• [Task objective]: Where does the word "else" show up in the data? Please find each such line and copy it.

• [Exercise materials]:
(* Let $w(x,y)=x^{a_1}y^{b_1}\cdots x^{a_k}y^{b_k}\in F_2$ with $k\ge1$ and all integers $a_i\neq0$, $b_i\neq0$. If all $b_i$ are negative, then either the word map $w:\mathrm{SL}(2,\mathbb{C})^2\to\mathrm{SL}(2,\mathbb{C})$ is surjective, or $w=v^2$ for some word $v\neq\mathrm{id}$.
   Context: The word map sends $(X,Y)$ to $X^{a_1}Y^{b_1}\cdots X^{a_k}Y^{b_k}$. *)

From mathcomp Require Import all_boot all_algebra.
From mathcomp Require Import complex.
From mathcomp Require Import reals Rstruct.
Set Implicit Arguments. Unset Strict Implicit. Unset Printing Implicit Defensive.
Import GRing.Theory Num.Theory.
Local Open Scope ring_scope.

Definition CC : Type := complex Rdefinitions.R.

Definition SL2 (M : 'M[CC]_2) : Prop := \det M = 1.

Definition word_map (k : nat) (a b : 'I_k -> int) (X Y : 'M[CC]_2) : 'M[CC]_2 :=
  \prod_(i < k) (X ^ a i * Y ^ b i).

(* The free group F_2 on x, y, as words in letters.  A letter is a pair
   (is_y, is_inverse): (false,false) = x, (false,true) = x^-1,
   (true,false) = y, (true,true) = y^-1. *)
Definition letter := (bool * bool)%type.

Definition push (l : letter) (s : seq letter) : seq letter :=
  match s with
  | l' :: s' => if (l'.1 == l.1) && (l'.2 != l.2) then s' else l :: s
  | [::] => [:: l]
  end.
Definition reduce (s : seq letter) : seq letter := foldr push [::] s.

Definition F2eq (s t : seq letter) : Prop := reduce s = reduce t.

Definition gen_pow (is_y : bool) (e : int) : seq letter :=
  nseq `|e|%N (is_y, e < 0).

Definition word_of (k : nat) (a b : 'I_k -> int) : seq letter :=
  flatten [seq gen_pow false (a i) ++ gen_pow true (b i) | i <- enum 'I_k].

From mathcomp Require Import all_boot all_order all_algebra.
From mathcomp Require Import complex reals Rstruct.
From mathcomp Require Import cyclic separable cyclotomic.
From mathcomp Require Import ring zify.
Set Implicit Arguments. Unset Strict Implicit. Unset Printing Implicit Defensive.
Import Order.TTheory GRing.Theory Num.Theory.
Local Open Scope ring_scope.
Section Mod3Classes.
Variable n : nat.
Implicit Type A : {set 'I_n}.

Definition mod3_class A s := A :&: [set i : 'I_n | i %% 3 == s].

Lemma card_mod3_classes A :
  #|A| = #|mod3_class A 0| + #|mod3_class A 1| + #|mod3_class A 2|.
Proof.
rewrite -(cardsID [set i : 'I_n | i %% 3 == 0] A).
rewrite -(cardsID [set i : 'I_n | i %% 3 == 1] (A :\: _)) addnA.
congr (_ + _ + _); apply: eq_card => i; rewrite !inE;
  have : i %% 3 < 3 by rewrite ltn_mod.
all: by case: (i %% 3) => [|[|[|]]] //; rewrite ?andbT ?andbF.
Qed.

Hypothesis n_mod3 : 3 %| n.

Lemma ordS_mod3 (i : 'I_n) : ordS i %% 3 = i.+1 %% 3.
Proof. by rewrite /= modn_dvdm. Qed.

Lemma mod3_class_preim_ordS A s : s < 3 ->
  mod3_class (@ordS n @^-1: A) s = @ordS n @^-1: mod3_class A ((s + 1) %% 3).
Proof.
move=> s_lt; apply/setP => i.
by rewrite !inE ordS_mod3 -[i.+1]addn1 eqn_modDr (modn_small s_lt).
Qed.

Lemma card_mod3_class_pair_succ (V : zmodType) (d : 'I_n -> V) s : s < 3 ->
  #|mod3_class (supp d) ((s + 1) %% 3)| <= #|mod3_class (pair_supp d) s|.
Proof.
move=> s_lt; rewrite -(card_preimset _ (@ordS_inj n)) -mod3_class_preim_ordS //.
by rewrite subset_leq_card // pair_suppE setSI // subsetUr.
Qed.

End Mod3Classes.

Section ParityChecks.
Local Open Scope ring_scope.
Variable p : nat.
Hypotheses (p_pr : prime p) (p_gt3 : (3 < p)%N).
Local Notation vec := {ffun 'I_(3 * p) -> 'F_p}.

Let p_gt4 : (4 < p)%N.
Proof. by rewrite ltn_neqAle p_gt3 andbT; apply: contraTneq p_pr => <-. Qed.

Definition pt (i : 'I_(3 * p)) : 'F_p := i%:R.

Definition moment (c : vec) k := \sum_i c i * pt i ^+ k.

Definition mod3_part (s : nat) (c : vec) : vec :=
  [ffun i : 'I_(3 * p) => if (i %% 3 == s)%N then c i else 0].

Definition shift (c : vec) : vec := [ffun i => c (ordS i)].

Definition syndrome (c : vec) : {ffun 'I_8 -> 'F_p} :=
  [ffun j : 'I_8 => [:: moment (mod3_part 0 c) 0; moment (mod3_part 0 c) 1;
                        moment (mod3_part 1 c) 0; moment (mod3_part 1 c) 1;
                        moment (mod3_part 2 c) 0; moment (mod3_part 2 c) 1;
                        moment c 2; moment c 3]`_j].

• [Exercise solution]:
  | l' :: s' => if (l'.1 == l.1) && (l'.2 != l.2) then s' else l :: s
  [ffun i : 'I_(3 * p) => if (i %% 3 == s)%N then c i else 0].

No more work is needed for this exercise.